C’est pour cela que c’est Marx, fondateur de la science de l’homme, qui a aussi fondé la philosophie scientifique : parce qu’ayant découvert l’histoire, il devait bouleverser la philosophie, et ne plus considérer la connaissance indépendamment de l’histoire, de son processus de production.

Tout cela vise deux adversaires théoriques principaux, qui tous deux ignorent tant l’importance de la théorie que la distinction entre science et philosophie.

Ce sont l’historicisme et l’empirisme :

– l’historicisme consiste à croire que le marxisme n’est que la connaissance du présent, la conscience du présent (en disant par exemple que Marx ne nous donne dans le Capital que la connaissance du capitalisme, alors qu’il fonde une science).

Car cela implique la série d’identités suivantes : science = connaissance du présent = conscience de soi du présent = philosophie (au sens hégélien).

C’est pour cela que l’historicisme nie la distinction science /philosophie. En vérité il nie le caractère scientifique du marxisme, en croyant qu’il n’est que l’expression ou la conscience de soi d’une époque, puisque cela veut dire qu’il ne serait pas vrai à une autre époque.

– l’empirisme consiste à croire que l’on peut connaître la réalité directement, par simple observation et généralisation, alors que pour Althusser on a besoin d’un fort cadre théorique.

C’est l’idéologie spontanée des savants, mais elle peut conduire à des crises (comme la crise des sciences physiques, avec Mach au début du XXème siècle).

C’est là que l’on comprend l’importance d’une discipline philosophique scientifique, comme le matérialisme dialectique : pour que la science ait une bonne conception de ce qu’elle est en train de faire, et ne sombre pas dans la crise à cause d’une conception idéologique de sa propre pratique

III) Position du texte dans l’oeuvre d’Althusser

C’est sur ce dernier point particulièrement, qui correspond à la fin du texte, qu’on voit que ce texte est un texte de transition.
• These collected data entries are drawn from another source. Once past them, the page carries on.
(* Let $A\in\mathbb{C}^{n\times n}$ of rank $r>0$ and index $k$ be written in the Hartwig–Spindelböck decomposition $A=U\begin{bmatrix}\Sigma K&\Sigma L\\0&0\end{bmatrix}U^*$ (as in the context). Then: (a) if $m=1$, then $A^{\#_m}=A^{\mathrm{WC}}=U\begin{bmatrix}(\Sigma K)^{\mathrm{WG}}&0\\0&0\end{bmatrix}U^*$; (b) if $m\ge k$ (with $m\in\mathbb{N}=\{1,2,\dots\}$), then $A^{\#_m}=A^{\mathrm{cEP}}=U\begin{bmatrix}(\Sigma K)^{\mathrm{cEP}}&0\\0&0\end{bmatrix}U^*$.
   Context: Hartwig–Spindelböck decomposition: any $A\in\mathbb{C}^{n\times n}$ of rank $r>0$ can be written as $A=U\begin{bmatrix}\Sigma K&\Sigma L\\0&0\end{bmatrix}U^*$ with $U$ unitary, $\Sigma=\mathrm{diag}(\sigma_1I_{r_1},\dots,\sigma_sI_{r_s})$, $\sigma_1>\dots>\sigma_s>0$ the singular values of $A$, $r_1+\dots+r_s=r$, and $K\in\mathbb{C}^{r\times r}$, $L\in\mathbb{C}^{r\times(n-r)}$ with $KK^*+LL^*=I_r$. For a square matrix $B$: $B^\dagger$ Moore–Penrose inverse, $P_B=BB^\dagger$, $B^0=I$, $\mathcal{R}(\cdot)$ column space; $\mathrm{Ind}(B)$ is the smallest nonnegative integer $k$ with $\mathcal{R}(B^k)=\mathcal{R}(B^{k+1})$. The core-EP inverse $B^{\mathrm{cEP}}$ is the unique $X$ with $XBX=X$ and $\mathcal{R}(X)=\mathcal{R}(X^* )=\mathcal{R}(B^k)$, $k=\mathrm{Ind}(B)$. The WG inverse is $B^{\mathrm{WG}}:=(B^{\mathrm{cEP}})^2B$ and the WC inverse is $B^{\mathrm{WC}}:=B^{\mathrm{WG}}P_B$. For $m\in\mathbb{N}$, the $m$-weak group inverse is $B^{\mathrm{WG}_m}:=(B^{\mathrm{cEP}})^{m+1}B^m$ and the $m$-weak core inverse is $B^{\#_m}:=B^{\mathrm{WG}_m}P_{B^m}$. *)

(* Complex n x n matrices are modelled over an arbitrary
   numClosedFieldType C (e.g. the complex numbers); A^* is A ^t* (spectral.v). *)
From HB Require Import structures.
From mathcomp Require Import all_boot all_order all_algebra.
From mathcomp Require Export sesquilinear spectral.
From Stdlib Require Import ClassicalEpsilon.
Set Implicit Arguments. Unset Strict Implicit. Unset Printing Implicit Defensive.
Import Order.TTheory GRing.Theory Num.Theory.
Local Open Scope ring_scope.
Local Open Scope sesquilinear_scope.

Section GenInv.
Variables (C : numClosedFieldType) (n : nat).
Implicit Types B X Y : 'M[C]_n.

Definition colspace_eq (p q : nat) (X : 'M[C]_(n, p)) (Y : 'M[C]_(n, q)) : Prop :=
  (X^T == Y^T)%MS.

Definition is_MP B X : Prop :=
  [/\ B *m X *m B = B, X *m B *m X = X,
      (B *m X)^t* = B *m X & (X *m B)^t* = X *m B].

Definition MP B : 'M[C]_n := epsilon (inhabits 0) (is_MP B).

Definition Pr B : 'M[C]_n := B *m MP B.

(* index: smallest k with R(B^k) = R(B^(k+1)); such k always exists in [0, n] *)
Definition ind B : nat :=
  find (fun k => ((B ^+ k)^T == (B ^+ k.+1)^T)%MS) (iota 0 n.+1).

Definition is_cEP B X : Prop :=
  [/\ X *m B *m X = X, colspace_eq X (B ^+ ind B)
    & colspace_eq (X^t*) (B ^+ ind B)].

Definition cEP B : 'M[C]_n := epsilon (inhabits 0) (is_cEP B).

Definition WG B : 'M[C]_n := cEP B *m cEP B *m B.
Definition WC B : 'M[C]_n := WG B *m Pr B.

Definition WGm (m : nat) B : 'M[C]_n := (cEP B) ^+ m.+1 *m B ^+ m.
Definition WCm (m : nat) B : 'M[C]_n := WGm m B *m Pr (B ^+ m).

End GenInv.

From HB Require Import structures.
From mathcomp Require Import all_boot all_order all_algebra.
From mathcomp Require Import sesquilinear spectral.
From Stdlib Require Import ClassicalEpsilon.
Set Implicit Arguments. Unset Strict Implicit. Unset Printing Implicit Defensive.
Import Order.TTheory GRing.Theory Num.Theory.
Local Open Scope ring_scope.
Local Open Scope sesquilinear_scope.

(** If the columns of F are an orthonormal basis of R(B^j) for some
    j >= Ind(B), then R(F) is B-invariant and B acts invertibly on it:
    B F = F M with M = F^* B F invertible, and B^cEP = F M^-1 F^*.
    Similarly P_B = F F^* when R(F) = R(B).  For m >= Ind(B) this gives
    B^#_m = F M^-(m+1) F^* B^m F F^* = F M^-(m+1) M^m F^* = B^cEP.
    Both formulas commute with unitary similarity, and for
    B = [T S; 0 0] with [T S] of full row rank R(B^(j+1)) = R([T^j; 0]), so
    F can be taken to be [F_T; 0]: B^cEP = diag(T^cEP, 0), P_B = diag(I, 0)
    and B^WC = diag(T^WG, 0).  In the Hartwig-Spindelboeck form
    [Sigma K, Sigma L] = Sigma [K, L] has full row rank since Sigma is
    invertible and [K, L] is a co-isometry. *)

Section ConjTranspose.
Variable C : numClosedFieldType.

Lemma trmxC_mul m n p (X : 'M[C]_(m, n)) (Y : 'M[C]_(n, p)) :
  (X *m Y)^t* = Y^t* *m X^t*.
Proof. by rewrite trmx_mul map_mxM. Qed.

Lemma trmxC1 n : (1%:M : 'M[C]_n)^t* = 1%:M.
Proof. by rewrite trmx1 map_mx1. Qed.

Lemma trmxC_col_mx0 m1 m2 n (X : 'M[C]_(m1, n)) :
  (col_mx X (0 : 'M_(m2, n)))^t* = row_mx (X^t*) 0.
Proof. by rewrite tr_col_mx map_row_mx trmx0 map_mx0. Qed.

Lemma unitarymx_trmxC_mul n (U : 'M[C]_n) : U \is unitarymx -> U^t* *m U = 1%:M.
Proof. by move=> U_unitary; rewrite -[U^t*]mul1mx mulmxKtV. Qed.

End ConjTranspose.

Section ColumnSpace.
Variables (C : numClosedFieldType) (n : nat).

Lemma colspace_eqP p q (X : 'M[C]_(n, p)) (Y : 'M[C]_(n, q)) :
  colspace_eq X Y <-> (exists D, X = Y *m D) /\ (exists E, Y = X *m E).
Proof.
have subP p' q' (X' : 'M[C]_(n, p')) (Y' : 'M[C]_(n, q')) :
    (X'^T <= Y'^T)%MS <-> exists D, X' = Y' *m D.
  split=> [/submxP[D defX] | [D ->]]; last by rewrite trmx_mul submxMl.
  by exists D^T; rewrite -[X']trmxK defX trmx_mul trmxK.
split; first by case/andP=> /subP ? /subP.
by case=> /subP ? /subP ?; apply/andP.
Qed.

Lemma colspace_eq_refl p (X : 'M[C]_(n, p)) : colspace_eq X X.
Proof. exact/eqmxP. Qed.

Lemma colspace_eq_sym p q (X : 'M[C]_(n, p)) (Y : 'M[C]_(n, q)) :
  colspace_eq X Y -> colspace_eq Y X.
Proof. by move=> /eqmxP/eqmx_sym/eqmxP. Qed.

Lemma colspace_eq_trans p q o (X : 'M[C]_(n, p)) (Y : 'M[C]_(n, q))
    (Z : 'M[C]_(n, o)) :
  colspace_eq X Y -> colspace_eq Y Z -> colspace_eq X Z.
Proof. by move=> /eqmxP eqXY /eqmxP eqYZ; apply/eqmxP; apply: eqmx_trans eqYZ. Qed.

Lemma colspace_eq_mull m p q (W : 'M[C]_(m, n)) (X : 'M[C]_(n, p))
    (Y : 'M[C]_(n, q)) :
  colspace_eq X Y -> colspace_eq (W *m X) (W *m Y).
Proof. by move=> /eqmxP eqXY; apply/eqmxP; rewrite !trmx_mul; apply: eqmxMr. Qed.

Lemma colspace_eq_mulr_row_free p q (X : 'M[C]_(n, p)) (V : 'M[C]_(p, q)) :
  row_free V -> colspace_eq (X *m V) X.
Proof.
move=> freeV; apply/eqmxP; rewrite trmx_mul; apply: eqmxMfull.
by rewrite /row_full mxrank_tr.
Qed.

End ColumnSpace.

Section Index.
Variables (C : numClosedFieldType) (n : nat).
Implicit Type B : 'M[C]_n.

Lemma exprSmx B j : B ^+ j.+1 = B *m B ^+ j.
Proof. exact: exprS. Qed.

Lemma exprSmxr B j : B ^+ j.+1 = B ^+ j *m B.
Proof. exact: exprSr. Qed.

Lemma has_colspace_eq_exprS B :
  has (fun k => ((B ^+ k)^T == (B ^+ k.+1)^T)%MS) (iota 0 n.+1).
Proof.
apply/negPn/negP => /hasPn no_stable.
suff rank_drop k : (k <= n.+1)%N -> (\rank (B ^+ k)^T + k <= n)%N.
  by have := rank_drop n.+1 (leqnn _); rewrite addnS ltnNge leq_addl.
elim: k => [|k IHk] lt_k_Sn; first by rewrite trmx1 mxrank1 addn0.
have subS : ((B ^+ k.+1)^T <= (B ^+ k)^T)%MS by rewrite exprSr trmx_mul submxMl.
have rank_lt : (\rank (B ^+ k.+1)^T < \rank (B ^+ k)^T)%N.
  rewrite (ltn_leqif (mxrank_leqif_eq subS)) andbC.
  by apply: no_stable; rewrite mem_iota.
by rewrite addnS; apply: leq_trans (IHk (ltnW lt_k_Sn)); rewrite ltn_add2r.
Qed.

Lemma ind_le B : (ind B <= n)%N.
Proof. by have := has_colspace_eq_exprS B; rewrite has_find size_iota. Qed.

Lemma colspace_eq_expr_ind B : colspace_eq (B ^+ ind B) (B ^+ (ind B).+1).
Proof.
have := nth_find 0 (has_colspace_eq_exprS B).
by rewrite -/(ind B) nth_iota // ltnS ind_le.
Qed.

Lemma colspace_eq_expr_stable B k j :
  colspace_eq (B ^+ k) (B ^+ k.+1) -> (k <= j)%N ->
  colspace_eq (B ^+ j) (B ^+ k).
Proof.
move=> stable_k; elim: j => [|j IHj].
  by rewrite leqn0 => /eqP->; apply: colspace_eq_refl.
rewrite leq_eqVlt => /predU1P[<- | le_k_j]; first exact: colspace_eq_refl.
apply: colspace_eq_trans (IHj le_k_j).
have := colspace_eq_mull (B ^+ (j - k)) stable_k.
rewrite !mulmxE -!exprD addnS subnK //.
exact: colspace_eq_sym.
Qed.

Lemma colspace_eq_expr_ind_stable B j :
  (ind B <= j)%N -> colspace_eq (B ^+ j) (B ^+ ind B).
Proof. exact/colspace_eq_expr_stable/colspace_eq_expr_ind. Qed.

Lemma expr_conj_unitary (U : 'M[C]_n) B j : U \is unitarymx ->
  (U *m B *m U^t*) ^+ j = U *m B ^+ j *m U^t*.
Proof.
move=> U_unitary; elim: j => [|j IHj]; first by rewrite mulmx1 (unitarymxP _).
rewrite !exprSmx IHj !mulmxA -[U *m B *m U^t* *m U]mulmxA.
by rewrite unitarymx_trmxC_mul // mulmx1.
Qed.

End Index.

Lemma invmx_exprS_mul (C : numClosedFieldType) p (M : 'M[C]_p) j :
  M \in unitmx -> invmx M ^+ j.+1 *m M ^+ j = invmx M.
Proof.
move=> unitM; elim: j => [|j IHj]; first by rewrite expr1 mulmx1.
rewrite (exprSmxr (invmx M) j.+1) (exprSmx M j) mulmxA.
by rewrite -(mulmxA _ (invmx M) M) mulVmx // mulmx1 IHj.
Qed.

Section OrthonormalBasis.
Variables (C : numClosedFieldType) (n : nat).

Lemma orthonormal_rowbasis p (B : 'M[C]_(p, n)) :
  exists q (H : 'M[C]_(q, n)), H \is unitarymx /\ (H :=: B)%MS.
Proof.
exists _, (schmidt (row_base B)); split.
  by apply: schmidt_unitarymx; apply: rank_leq_col.
by apply: eqmx_trans (eq_row_base B); apply: eqmx_schmidt_free; apply: row_base_free.
Qed.

Lemma orthonormal_colbasis p (B : 'M[C]_(n, p)) :
  exists q (F : 'M[C]_(n, q)), F^t* *m F = 1%:M /\ colspace_eq F B.
Proof.
have [q [H [/unitarymxP HH1 eqHB]]] := orthonormal_rowbasis B^T.
exists q, H^T; split; last by rewrite /colspace_eq trmxK; apply/eqmxP.
by have := congr1 trmx HH1; rewrite trmx_mul trmx1 map_trmx trmxK.
Qed.

End OrthonormalBasis.

Section MoorePenrose.
Variables (C : numClosedFieldType) (n : nat).
Implicit Type B : 'M[C]_n.

Lemma orthonormal_factorization B :
  exists p (F : 'M[C]_(n, p)) (M : 'M[C]_p) (H : 'M[C]_(p, n)),
  [/\ F^t* *m F = 1%:M, H *m H^t* = 1%:M, M \in unitmx & B = F *m M *m H].
Proof.
have [p [F [FF1 eqFB]]] := orthonormal_colbasis B.
have [q [H [H_unitary eqHB]]] := orthonormal_rowbasis B.
have rankF : \rank F = p.
  by apply/eqP; rewrite eqn_leq rank_leq_col -{1}(mxrank1 C p) -FF1 mxrankM_maxr.
have rankFB : \rank F = \rank B.
  by rewrite -mxrank_tr -(mxrank_tr B); apply/eqmx_rank.
have eq_qp : q = p by rewrite -(mxrank_unitary H_unitary) eqHB -rankFB rankF.
subst q.
have defB_F : B = F *m (F^t* *m B).
  by have /colspace_eqP[_ [D ->]] := eqFB; rewrite !mulmxA -(mulmxA F) FF1 mulmx1.
have defB_H : B = B *m H^t* *m H.
  have /submxP[E ->] : (B <= H)%MS by rewrite eqHB.
  by rewrite -(mulmxA E H) (unitarymxP H_unitary) mulmx1.
have defB : B = F *m (F^t* *m B *m H^t*) *m H.
  by rewrite !mulmxA -(mulmxA F) -defB_F -defB_H.
exists p, F, (F^t* *m B *m H^t*), H; split => //; first exact/unitarymxP.
rewrite -row_full_unit /row_full eqn_leq rank_leq_col -{1}rankF rankFB {1}defB.
exact: leq_trans (mxrankM_maxl _ _) (mxrankM_maxr _ _).
Qed.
Pour l’instant Althusser semblait en pure continuité avec ce qu’il disait dans Pour Marx et Lire le Capital. Mais avec ce point on voit que s’annoncent des thèses ultérieures.

En effet, ici Althusser nous dit certes que la philosophie est une discipline rigoureuse, presque scientifique, et s’apparente à une science des science. Mais en même temps il affirme que l’intérêt de cette philosophie est de lutter contre des conceptions idéologiques de la science.

Il commence à voir la philosophie comme lutte, et cite en particulier Lénine qui affirme qu’il faut « prendre parti », en un sens politique, en philosophie. Est donc en germe la thèse de Lénine et la philosophie : conférencee prononcée en 1968 et publiée en 1969. Dans ce texte il soutiendra que la philosophie est un « champ de bataille », entre deux tendances principales : idéalisme et matérialisme. Donc la philosophie est un type de discours qui fait le lien entre la politique et la science. Plus tard, il ira encore plus loin : la philosophie sera définie comme « lutte de classes dans la théorie » (Réponse à John Lewis).

Donc certes elle restera définie par son rapport à la science (rigueur, cohérence, critique…), mais cela sera finalement secondaire. C’est par son rapport à la politique, à la lutte des classes, qu’Althusser définira en premier lieu la philosophie.